My first thought when I see this code isn't "Wow that's super cool"; but instead "This doesn't scale for shit"™. What if we have hundreds of animals in that file? Let's clean the file up a bit.

C++
#include <iostream>
#include <fstream>

int main(int argc, char* argv[]) {
  std::ifstream file_input("test.txt");

  if (!file_input.is_open()) {
    std::cout << "failed to open file" << std::endl;
    return 1;
  };

  std::string animal;
  int num_of_animal;

  while (file_input >> animal >> num_of_animal) {
    std::cout << animal << ": " << num_of_animal << std::endl;
  }

  file_input.close();
  return 0;
}

Much better. Now, we've read the contents of the file, what if we want to write that content to a different file in a csv (comma separated value) format? We can use ostream for that:

C++
#include <iostream>
#include <fstream>

int main(int argc, char* argv[]) {
  std::ifstream file_input("test.txt");
  std::ofstream file_output("output.txt");

  if (!file_input.is_open() or !file_output.is_open()) {
    std::cout << "failed to open input or output file" << std::endl;
    return 1;
  };

  std::string animal;
  int num_of_animal;

  // the first line of csv files is conventionally the
  // header i.e. "what data does this column contain?"
  // we write that first line to the file, then iterate.
  file_output << "animal" << "," << "count" << std::endl;

  while (file_input >> animal >> num_of_animal) {
    file_output << animal << "," << num_of_animal << std::endl;
  }

  file_input.close();
  file_output.close(); // close them both!
  return 0;
}

So, like I said, really conceptually simple, the syntax is just annoying as fuck.

istream, ostream, and stringstreams

Lastly, there are two generic types of streams: istream and ostream.
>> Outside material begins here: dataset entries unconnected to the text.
Lemma sum_ffun_bool_all (I : finType) (F : I -> bool -> R) (A : {set I}) :
  (forall m, F m true + F m false = 1) ->
  \big[Rplus/R0]_(g : {ffun I -> bool})
     (\big[Rmult/R1]_m F m (g m) * indR [forall m, (m \in A) ==> g m])
  = \big[Rmult/R1]_(m in A) F m true.
Proof.
move=> F1; rewrite (eq_bigr (fun g : {ffun I -> bool} =>
    \big[Rmult/R1]_m (F m (g m) * indR ((m \in A) ==> g m)))); last first.
  by move=> g _; rewrite (indR_forall (fun m => (m \in A) ==> g m)) big_split.
rewrite (sum_ffun_bool (fun m b => F m b * indR ((m \in A) ==> b))) [RHS]big_mkcond.
apply: eq_bigr => m _.
case: (m \in A); rewrite /indR /= !Rmult_1_r ?Rmult_0_r ?Rplus_0_r //; exact: F1.
Qed.

Lemma card_sets_with (n k : nat) (i : 'I_n) : (0 < k)%N ->
  #|[set t : {set 'I_n} | (#|t| == k) && (i \in t)]| = 'C(n.-1, k.-1).
Proof.
move=> k_gt0.
have i_notin (A : {set 'I_n}) : A \subset [set~ i] -> i \notin A.
  by move=> Ai; apply/negP => /(subsetP Ai); rewrite !inE eqxx.
have -> : [set t : {set 'I_n} | (#|t| == k) && (i \in t)] =
   (fun A => i |: A) @: [set A : {set 'I_n} | A \subset [set~ i] & #|A| == k.-1].
  apply/setP => t; rewrite inE; apply/idP/imsetP => [/andP [/eqP tk it] | [A]].
    exists (t :\ i); last by rewrite setD1K.
    rewrite inE; apply/andP; split; first by apply/subsetP => m; rewrite !inE => /andP [].
    by move: (cardsD1 i t); rewrite it tk add1n => ->.
  rewrite inE => /andP [Ai /eqP Ak] ->.
  by rewrite cardsU1 i_notin // Ak setU11 andbT add1n prednK.
rewrite card_in_imset => [|A B]; first by rewrite cards_draws cardsC1 card_ord.
rewrite !inE => /andP [/i_notin iA _] /andP [/i_notin iB _] AB.
by rewrite -(setU1K iA) -(setU1K iB) AB.
Qed.

Lemma n_leq_bin n j : (0 < j)%N -> (j < n)%N -> (n <= 'C(n, j))%N.
Proof.
elim: n j => [|n IH] [|j] // _ jn.
case: (ltnP j.+1 n) => [jn' | nj]; last by rewrite (_ : j.+1 = n) ?binSn //; lia.
rewrite binS -add1n addnC; apply: leq_add; first exact: IH.
by rewrite bin_gt0 ltnW.
Qed.

(** * Probability that a technology is private *)

Section Outcomes.
Variable n : nat.
Notation I := 'I_n.

Definition link_weight (q : I -> R) (e : I * I) (b : bool) : R :=
  if e.1 == e.2 then bern 0 b else bern (q e.1 * q e.2) b.

Lemma link_weight_mass q e : link_weight q e true + link_weight q e false = 1.
Proof. by rewrite /link_weight; case: ifP => _; apply: bern_mass. Qed.

Definition learns_all (L : {ffun I * I -> bool}) (j : I) (t : {set I}) : bool :=
  [forall m, (m \in t :\ j) ==> L (j, m)].

Lemma knows_learns_all (w : outcome n) j (t : {set I}) :
  t \subset discovered w -> knows w j t = learns_all w.2 j t.
Proof.
move=> /subsetP td; apply/subsetP/forallP => [tj m | tj m mt].
  apply/implyP => /setD1P [mj mt]; move: (tj m mt).
  by rewrite !inE (negbTE mj) => /andP [].
rewrite !inE; case: eqP => //= /eqP mj.
move: (tj m); rewrite !inE mj mt /= => ->; rewrite andbT.
by move: (td m mt); rewrite inE => ->.
Qed.

Lemma in_PT k (w : outcome n) i (t : {set I}) :
  (t \in PT k w i) = [&& #|t| == k, i \in t, t \subset discovered w,
                        learns_all w.2 i t &
                        [forall j, (j != i) ==> ~~ learns_all w.2 j t]].
Proof.
rewrite /PT inE /technology.
case: (boolP (t \subset discovered w)) => td; last by rewrite andbF /= !andbF.
rewrite andbT knows_learns_all //; do 3!congr andb.
by apply: eq_forallb => j; rewrite knows_learns_all.
Qed.

Lemma links_from_all (q : I -> R) j (A : {set I}) : j \notin A ->
  \big[Rplus/R0]_(g : {ffun I -> bool})
     (\big[Rmult/R1]_m link_weight q (j, m) (g m) * indR [forall m, (m \in A) ==> g m])
  = \big[Rmult/R1]_(m in A) (q j * q m).
Proof.
move=> jA; rewrite (sum_ffun_bool_all (F := fun m => link_weight q (j, m))) => [|m]; last first.
  exact: link_weight_mass.
apply: eq_bigr => m mA; rewrite /link_weight /=.
by case: eqP => [jm | //]; move: jA; rewrite jm mA.
Qed.

Lemma links_mass (q : I -> R) j :
  \big[Rplus/R0]_(g : {ffun I -> bool}) \big[Rmult/R1]_m link_weight q (j, m) (g m) = 1.
Proof.
rewrite (sum_ffun_bool (fun m => link_weight q (j, m))).
by rewrite big1 // => m _; apply: link_weight_mass.
Qed.

Lemma links_not_from_all (q : I -> R) j (A : {set I}) : j \notin A ->
  \big[Rplus/R0]_(g : {ffun I -> bool})
     (\big[Rmult/R1]_m link_weight q (j, m) (g m) * (1 - indR [forall m, (m \in A) ==> g m]))
  = 1 - \big[Rmult/R1]_(m in A) (q j * q m).
Proof.
have splitD x y : x * (1 - y) = x + -1 * (x * y) by ring.
have joinD x : 1 + -1 * x = 1 - x by ring.
move=> jA; rewrite (eq_bigr _ (fun g _ => splitD _ _)).
by rewrite big_split /= -big_distrr /= links_mass links_from_all // joinD.
Qed.

End Outcomes.

Section Technologies.
Variable n : nat.
Notation I := 'I_n.

Lemma discovery_mass (p : I -> R) (t : {set I}) :
  \big[Rplus/R0]_(d : {ffun I -> bool})
     (\big[Rmult/R1]_m bern (p m) (d m) * indR [forall m, (m \in t) ==> d m])
  = \big[Rmult/R1]_(m in t) p m.
Proof. by rewrite (sum_ffun_bool_all (F := fun m => bern (p m))) // => m; apply: bern_mass. Qed.

Definition uncurry_links (G : {ffun I -> {ffun I -> bool}}) : {ffun I * I -> bool} :=
  [ffun e => G e.1 e.2].

Lemma uncurry_links_bij : bijective uncurry_links.
Proof.
exists (fun L : {ffun I * I -> bool} => [ffun j => [ffun m => L (j, m)]]).
  by move=> G; apply/ffunP => j; apply/ffunP => m; rewrite !ffunE.
by move=> L; apply/ffunP => [[j m]]; rewrite !ffunE.
Qed.

Lemma private_learning_mass (q : I -> R) (i : I) (t : {set I}) :
  \big[Rplus/R0]_(L : {ffun I * I -> bool})
     (\big[Rmult/R1]_e link_weight q e (L e) *
      indR (learns_all L i t && [forall j, (j != i) ==> ~~ learns_all L j t]))
  = \big[Rmult/R1]_(m in t :\ i) (q i * q m) *
    \big[Rmult/R1]_(j | j != i) (1 - \big[Rmult/R1]_(m in t :\ j) (q j * q m)).
Proof.
rewrite (reindex uncurry_links); last exact/onW_bij/uncurry_links_bij.
(* Curried, the event factorises over the rows [G j]: row [i] must contain all of [t :\ i],
   every other row [j] must miss some member of [t :\ j]. *)
pose X (G : {ffun I -> {ffun I -> bool}}) j := [forall m, (m \in t :\ j) ==> G j m].
pose f j b := if j == i then indR b else 1 - indR b.
have row_factor G : \big[Rmult/R1]_e link_weight q e (uncurry_links G e) *
    indR (learns_all (uncurry_links G) i t &&
          [forall j, (j != i) ==> ~~ learns_all (uncurry_links G) j t])
  = \big[Rmult/R1]_j (\big[Rmult/R1]_m link_weight q (j, m) (G j m) * f j (X G j)).
  have XG j : learns_all (uncurry_links G) j t = X G j.
    by apply: eq_forallb => m; rewrite ffunE.
  rewrite big_split /= pair_bigA; congr Rmult.
    by apply: eq_bigr => -[j m] _; rewrite ffunE.
  rewrite (bigD1 i) //= {1}/f eqxx XG.
  rewrite (@eq_forallb _ _ (fun j => (j != i) ==> ~~ X G j)) => [|j]; last by rewrite XG.
  case: (X G i) => /=; last by rewrite /indR !Rmult_0_l.
  rewrite (indR_forall (fun j => (j != i) ==> ~~ X G j)) (bigD1 i) //= eqxx /indR !Rmult_1_l.
  apply: eq_bigr => j ji; rewrite /f (negbTE ji) /indR.
  by case: (X G j) => /=; ring.
rewrite (eq_bigr _ (fun G _ => row_factor G)).
rewrite -(bigA_distr_bigA (fun j (g : {ffun I -> bool}) =>
  \big[Rmult/R1]_m link_weight q (j, m) (g m) * f j [forall m, (m \in t :\ j) ==> g m])).
rewrite (bigD1 i) //=; congr Rmult.
  by rewrite /f eqxx links_from_all // !inE eqxx.
by apply: eq_bigr => j ji; rewrite /f (negbTE ji) links_not_from_all // !inE eqxx.
Qed.

Definition private_prob (p q : I -> R) (i : I) (t : {set I}) : R :=
  \big[Rmult/R1]_(m in t) p m *
  (\big[Rmult/R1]_(m in t :\ i) (q i * q m) *
   \big[Rmult/R1]_(j | j != i) (1 - \big[Rmult/R1]_(m in t :\ j) (q j * q m))).

Lemma subset_discoveredE (w : outcome n) (t : {set I}) :
  (t \subset discovered w) = [forall m, (m \in t) ==> w.1 m].
Proof.
apply/subsetP/forallP => [td m | tw m mt]; first by apply/implyP => /td; rewrite inE.
by rewrite inE; apply: (implyP (tw m)).
Qed.

Lemma outcome_prob_PT k (p q : I -> R) i (t : {set I}) d (L : {ffun I * I -> bool}) :
  outcome_prob p q (d, L) * indR (t \in PT k (d, L) i) =
  indR ((#|t| == k) && (i \in t)) *
  ((\big[Rmult/R1]_m bern (p m) (d m) * indR [forall m, (m \in t) ==> d m]) *
   (\big[Rmult/R1]_e link_weight q e (L e) *
    indR (learns_all L i t && [forall j, (j != i) ==> ~~ learns_all L j t]))).
Proof.
have reorder a b x y z : (a * b) * (x * y * z) = x * ((a * y) * (b * z)) by ring.
rewrite in_PT subset_discoveredE /outcome_prob -reorder -!indR_andb.
congr (_ * _ * indR _).
by case: (#|t| == k); case: (i \in t); case: [forall m, _].
Qed.

Lemma expected_PT_sum k (p q : I -> R) (i : I) :
  expected_PT k p q i =
  \big[Rplus/R0]_(t : {set I}) (indR ((#|t| == k) && (i \in t)) * private_prob p q i t).
Proof.
rewrite /expected_PT (eq_bigr (fun w : outcome n => \big[Rplus/R0]_(t : {set I})
    (outcome_prob p q w * indR (t \in PT k w i)))); last first.
  by move=> w _; rewrite INR_card_set big_distrr.
rewrite exchange_big /=; apply: eq_bigr => t _.
rewrite sumR_pair (eq_bigr _ (fun d _ => eq_bigr _ (fun L _ => outcome_prob_PT k p q i t d L))).
by rewrite sumR_mul_sep discovery_mass private_learning_mass.
Qed.

End Technologies.

(* Technologies have [k = K.+2] members and there are [n = K.+2 + M.+1] firms, so a member of a
   technology has [K.+1] partners and [M.+1] outsiders. [private_share K M q b] is the probability
   that a firm with interaction rate [b], facing rivals with rate [q], learns directly from all its
   partners while no partner and no outsider learns directly from all other members. *)
Definition tech_share (K M : nat) (al be x : R) : R :=
  x ^ K.+1 * (1 - al * x) ^ K.+1 * (1 - be * x) ^ M.+1.

Definition private_share (K M : nat) (q b : R) : R :=
  tech_share K M ((q * q) ^ K) ((q * q) ^ K.+1) (b * q).

Section SymmetricRivals.
Variables K M : nat.
Local Notation n := (K.+2 + M.+1)%N.
Variables (p q : 'I_n -> R) (i : 'I_n) (ps qs : R).
Hypotheses (p_rivals : forall j, j != i -> p j = ps) (q_rivals : forall j, j != i -> q j = qs).

Lemma private_prob_sym (t : {set 'I_n}) : #|t| = K.+2 -> i \in t ->
  private_prob p q i t = p i * ps ^ K.+1 * private_share K M qs (q i).
Proof.
move=> tk it.
have ti : #|t :\ i| = K.+1 by move: (cardsD1 i t); rewrite it tk add1n => -[] <-.
have q_in : {in t :\ i, forall m, q i * q m = q i * qs}.
  by move=> m; rewrite !inE => /andP [mi _]; rewrite (q_rivals mi).
rewrite /private_prob (prodR_D1 _ it) (prodR_const_in (x := ps)) => [|m]; last first.
  by rewrite !inE => /andP [mi _]; apply: p_rivals.
rewrite (prodR_const_in q_in) ti.
set F := fun j => 1 - \big[Rmult/R1]_(m in t :\ j) (q j * q m).
have -> : \big[Rmult/R1]_(j | j != i) F j =
   \big[Rmult/R1]_(j in t :\ i) F j * \big[Rmult/R1]_(j in ~: t) F j.
  rewrite (bigID (mem t)) /=; congr Rmult; apply: eq_bigl => j; rewrite !inE //.
  by case: (boolP (j \in t)) => jt; rewrite ?andbF ?andbT //; apply: contraNneq jt => ->.
have partner (j : 'I_n) : j \in t :\ i -> F j = 1 - (qs * q i) * (qs * qs) ^ K.
  rewrite !inE => /andP [ji jt].
  have itj : i \in t :\ j by rewrite !inE eq_sym ji.
  have tji : #|t :\ j :\ i| = K.
    by move: (cardsD1 j t) (cardsD1 i (t :\ j)); rewrite jt itj tk !add1n => -[] <- -[] <-.
  rewrite /F /= (prodR_D1 _ itj) (q_rivals ji) (prodR_const_in (x := qs * qs)) ?tji //.
  by move=> m; rewrite !inE => /andP [mi /andP [mj _]]; rewrite (q_rivals mi).
have outsider (j : 'I_n) : j \in ~: t -> F j = 1 - (qs * q i) * (qs * qs) ^ K.+1.
  rewrite inE /F /= => jt.
  have -> : t :\ j = t.
    by apply/setP => m; rewrite !inE andb_idl // => mt; apply: contraNneq jt => <-.
  have ji : j != i by apply: contraNneq jt => ->.
  rewrite /F (prodR_D1 _ it) q_rivals // (prodR_const_in (x := qs * qs)) ?ti //.
  by move=> m; rewrite !inE => /andP [mi _]; rewrite (q_rivals mi).
rewrite (prodR_const_in partner) (prodR_const_in outsider) ti cardsCs setCK card_ord tk.
have swap a : 1 - qs * q i * a = 1 - a * (q i * qs) by ring.
by rewrite /private_share /tech_share addKn !swap -!Rmult_assoc.
Qed.

Lemma expected_PT_sym : expected_PT K.+2 p q i =
  INR 'C(K.+2 + M, K.+1) * (p i * ps ^ K.+1 * private_share K M qs (q i)).
Proof.
have -> : 'C(K.+2 + M, K.+1) = 'C(n.-1, K.+2.-1) by rewrite addnS.
rewrite expected_PT_sum -(card_sets_with i) // INR_card_set big_distrl /=.
apply: eq_bigr => t _; rewrite inE /indR.
case: andP => [[/eqP tk it] | _]; last by rewrite !Rmult_0_l.
by rewrite private_prob_sym.
Qed.

End SymmetricRivals.

Lemma pow_bound01 x m : 0 <= x <= 1 -> 0 <= x ^ m <= 1.
Proof. by move=> x01; split; [apply: pow_le | rewrite -(pow1 m); apply: pow_incr]; lra. Qed.

Lemma pow_succ_le_self x m : 0 <= x <= 1 -> x ^ m.+1 <= x.
Proof. by move=> x01; have := pow_bound01 m x01; rewrite /=; nra. Qed.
There are different 'sub-streams' or 'subtypes' for each of these which are considered valid when they are passed in to functions. For example,

  • ostream consists of: basic_ostream (cout, cerr), ofstream, & ostringstream
  • istream consists of: basic_istream (cin), ifstream, & istringstream

We've been using ofstream & ifstream for the examples above. Considering that there are multiple types of streams, however, think about this: what if we want to test cin but in an automated fashion (so the tester doesn't need to sit there and manually input data)?
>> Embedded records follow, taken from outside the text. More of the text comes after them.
(* Both sides are limits of G_{k+1}(x) = G_k(1/f_{k+1}(x)); on the right the
   Lipschitz bound controls f_k at the moving point 1/f_{k+1}(x). *)
Lemma Ginf_inv_flim x : 1 <= x -> Ginf a x = Ginf a (/ flim a x).
Proof.
  intros Hx.
  destruct (flim_spec x Hx) as (Hlim & _ & Hup); assert (Hpos := flim_pos x Hx).
  set (p := / flim a x); set (v := fun k => / fseq a (S k) x).
  assert (Hv : forall k, 1 <= v k <= p).
  { intros k; assert (Hk := admissible_fseq a (S k) Ha).
    assert (fseq a (S k) x <= 1) by apply (adm_bounds a _ Hk), Hx.
    split; [apply Rinv_ge_1; split; [apply (adm_pos a _ Hk)|]; auto|].
    apply Rinv_le_contravar; auto. }
  assert (Hvp : is_lim_seq v p).
  { apply (is_lim_seq_incr_1 (fun k => / fseq a k x)).
    apply (is_lim_seq_inv _ (flim a x)); auto; intro E; injection E; lra. }
  assert (HG : forall k, Gk a (fseq a (S k)) x = Gk a (fseq a k) (v k))
    by (intros k; apply (Gk_next_f a (fseq a k) Ha (admissible_fseq a k Ha)), Hx).
  assert (Hleft : is_lim_seq (fun k => Gk a (fseq a (S k)) x) (Ginf a x)).
  { apply (is_lim_seq_incr_1 (fun k => Gk a (fseq a k) x)).
    apply (is_lim_seq_Gk_fseq (fun _ => x)); auto; apply is_lim_seq_const. }
  assert (Hright : is_lim_seq (fun k => Gk a (fseq a (S k)) x) (Ginf a p)).
  { apply (is_lim_seq_ext (fun k => Gk a (fseq a k) (v k))); [intros k; auto|].
    destruct (Hv 0%nat); apply is_lim_seq_Gk_fseq; [lra|auto|apply is_lim_seq_fseq_along; auto]. }
  assert (E := is_lim_seq_unique _ _ Hleft); rewrite (is_lim_seq_unique _ _ Hright) in E.
  injection E; auto.
Qed.

Lemma Ginf_eq_phi x : 1 <= x -> exists u, 1 <= u <= x /\ Ginf a x = phi a u.
Proof.
  intros Hx.
  set (it := fun n => Nat.iter n (fun u => / flim a u) x).
  assert (Hit : forall n, 1 <= it n <= x /\ it (S n) <= it n /\ Ginf a (it n) = Ginf a x).
  { induction n as [|n (Hn & _ & HGn)].
    - destruct (inv_flim_bounds x Hx); simpl; repeat split; lra.
    - assert (Hb1 := inv_flim_bounds (it n) ltac:(lra)).
      change (it (S n)) with (/ flim a (it n)) in *.
      assert (Hb2 := inv_flim_bounds (/ flim a (it n)) ltac:(lra)).
      change (it (S (S n))) with (/ flim a (/ flim a (it n))).
      split; [lra|split; [lra|]].
      rewrite <- Ginf_inv_flim; auto; lra. }
  destruct (ex_finite_lim_seq_decr it 1) as [u Hu]; [apply Hit|apply Hit|].
  assert (Hu1 : 1 <= u)
    by (apply (is_lim_seq_le (fun _ => 1) it 1 u); [apply Hit|apply is_lim_seq_const|auto]).
  assert (Hux : u <= x)
    by (apply (is_lim_seq_le it (fun _ => x) u x); [apply Hit|auto|apply is_lim_seq_const]).
  exists u; split; [lra|].
  assert (HS : is_lim_seq (fun n => it (S n)) u) by (apply (is_lim_seq_incr_1 it); auto).
  assert (Hphi : is_lim_seq (fun n => psi a (/ it (S n)) + a * it n) (phi a u)).
  { apply (is_lim_seq_plus' _ (fun n => a * it n)); [|apply (is_lim_seq_scal_l it a u Hu)].
    apply is_lim_seq_psi; [|apply Rinv_neq_0_compat; lra].
    apply (is_lim_seq_inv _ u); auto; intro E; injection E; lra. }
  assert (Hconst : is_lim_seq (fun n => psi a (/ it (S n)) + a * it n) (Ginf a x)).
  { apply (is_lim_seq_ext (fun _ => Ginf a x)); [|apply is_lim_seq_const].
    intros n; destruct (Hit n) as (Hn & _ & HGn); rewrite <- HGn; unfold Ginf.
    change (it (S n)) with (/ flim a (it n)); rewrite Rinv_inv; reflexivity. }
  assert (E := is_lim_seq_unique _ _ Hconst); rewrite (is_lim_seq_unique _ _ Hphi) in E.
  injection E; auto.
Qed.

Lemma Ginf_eq_max x : 1 <= x -> Ginf a x = Rmax (2 * a) (phi a x).
Proof.
  intros Hx; apply Rle_antisym.
  - destruct (Ginf_eq_phi x Hx) as [u [Hu ->]]; rewrite <- (phi_one a).
    apply phi_le_max, Hu.
  - apply Rmax_lub.
    + apply (is_lim_seq_le (fun _ => 2 * a) (fun k => Gk a (fseq a k) x) (2 * a) (Ginf a x)).
      * intros k; assert (Hk := admissible_fseq a k Ha).
        rewrite <- (Gk_one a _ Hk); apply (adm_Gk_incr a _ Hk); lra.
      * apply is_lim_seq_const.
      * apply (is_lim_seq_Gk_fseq (fun _ => x)); auto; [apply is_lim_seq_const|apply flim_spec, Hx].
    + destruct (flim_spec x Hx) as (_ & Hlow & _).
      apply Rplus_le_compat_r, psi_le; auto; [lra|apply Rinv_0_lt_compat; lra].
Qed.

Lemma flim_eq_f_inf x : 1 <= x -> flim a x = f_inf a x.
Proof.
  intros Hx; assert (Hpos := flim_pos x Hx); destruct (flim_spec x Hx) as (_ & Hlow & _).
  assert (HG := Ginf_eq_max x Hx); unfold Ginf, phi in HG.
  set (q := (a * (2 - x) + sqrt (a ^ 2 * (2 - x) ^ 2 + 4 * (1 - a))) / 2).
  destruct (psi_root a (a * (2 - x)) (flim a x) q ltac:(lra) Hpos)
    as [Heq Hge]; [unfold q; rewrite Rpow_mult_distr; reflexivity|].
  assert (Hq : q <= flim a x).
  { apply Hge; assert (H := Rmax_l (2 * a) (psi a (/ x) + a * x)); lra. }
  unfold f_inf; fold q.
  destruct (Rle_or_lt (psi a (/ x) + a * x) (2 * a)) as [Hle|Hlt].
  - rewrite Rmax_left in HG by lra.
    rewrite Rmax_right; [apply Heq; lra|rewrite <- Heq; lra].
  - rewrite Rmax_right in HG by lra.
    assert (E : flim a x = / x) by (apply (psi_inj a); [lra|lra|apply Rinv_0_lt_compat; lra|lra]).
    rewrite Rmax_left; lra.
Qed.

End Limit.

Theorem proposition1 (alpha : R) (Ha : 0 < alpha <= 1) :
  (* well-definedness: for x >= 1 the max defining f_{k+1}(x) exists *)
  (forall (k : nat) (x : R), 1 <= x ->
     is_max_of (sol_set alpha (fseq alpha k) x) (fseq alpha (S k) x)) /\
  (* (a) *)
  (forall k : nat, (1 <= k)%nat ->
     (forall x y, 1 <= x -> x < y -> fseq alpha k y < fseq alpha k x) /\
     smooth_on_Ici1 (fseq alpha k) /\
     fseq alpha k 1 = 1 /\
     is_lim (fseq alpha k) p_infty 0 /\
     (forall x, 1 < x -> / x < fseq alpha k x)) /\
  (* (b) *)
  (forall k : nat,
     (forall y z, 0 < y -> y < z -> z <= 1 -> Fseq alpha k z < Fseq alpha k y) /\
     smooth_on_Ioc01 (Fseq alpha k) /\
     filterlim (Fseq alpha k) (at_right 0) (Rbar_locally p_infty) /\
     Fseq alpha k 1 = alpha) /\
  (* (c) *)
  (forall (k : nat) (x : R), 1 < x -> fseq alpha (S k) x < fseq alpha k x) /\
  (* (d) *)
  (forall x : R, 1 <= x -> is_lim_seq (fun k => fseq alpha k x) (f_inf alpha x)).
Proof.
  assert (Hadm := fun k => admissible_fseq alpha k Ha).
  split; [intros k x Hx; exact (next_f_is_max alpha _ Ha (Hadm k) x Hx)|].
  split; [|split; [|split]].
  - intros [|k] Hk; [lia|].
    split; [intros x y Hx Hxy; apply next_f_lt; auto|].
    split; [apply next_f_smooth_on_Ici1; auto|].
    split; [apply next_f_one; auto|].
    split; [apply next_f_lim_infty; auto|].
    intros x Hx; apply next_f_gt_inv; auto.
  - intros k; unfold Fseq.
    split; [intros y z Hy Hyz Hz; apply Fk_lt; auto|].
    split; [apply Fk_smooth_on_Ioc01; auto|].
    split; [apply Fk_lim_0; auto|].
    apply Fk_one, Hadm.
  - intros k x Hx; apply fseq_succ_lt; auto.
  - intros x Hx; rewrite <- flim_eq_f_inf by auto; apply flim_spec; auto.
Qed.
Because cin is a type of istream, let's make a function which accepts the generic istream (and ostream just for fun) as an argument:

C++
#include <iostream>
#include <fstream>
#include <sstream>

void csv_writer(
  std::string column1,
  std::string column2,
  std::istream& input,
  std::ostream& output
) {
  output << column1 << "," << column2 << std::endl;
  while (input >> column1 >> column2) {
    output << column1 << "," << column2 << std::endl;
  }
}

void file_stream_example() {
  std::ifstream file_input("test.txt");
  std::ofstream file_output("output.txt");

  if (!file_input.is_open() or !file_output.is_open()) {
    std::cout << "failed to open input or output file" << std::endl;
  }

  csv_writer(
    "animal",
    "count",
    file_input,
    file_output
  );

  file_input.close();
  file_output.close();
}

void basic_stream_example() {
  // remember to pass in/type
  // your input, i.e. /main < test.txt
  csv_writer(
    "animal",
    "count",
    std::cin,
    std::cout
  );
}

void stringstream_example() {
  std::string input = "giraffe 67";
  std::istringstream input_ss(input); // simulated input
  std::ostringstream output_ss; // this will hold our output

  csv_writer(
    "animal",
    "count",
    input_ss,
    output_ss
  );

  std::string expected = "animal,count\ngiraffe,67\n";
  if (output_ss.str() == expected) {
    std::cout << "yay" << std::endl;
  }
}

int main() {
  // both of these functions are equally valid
  // because csv_writer() is generic.

  file_stream_example();
  basic_stream_example();
  stringstream_example();
  return 0;
}

And thats it! This concept is actually very useful for data science & data analytics, because it lets you take some malformed or terribly formatted data, and rewrite it to different file with a consistent format that you can use for analysis.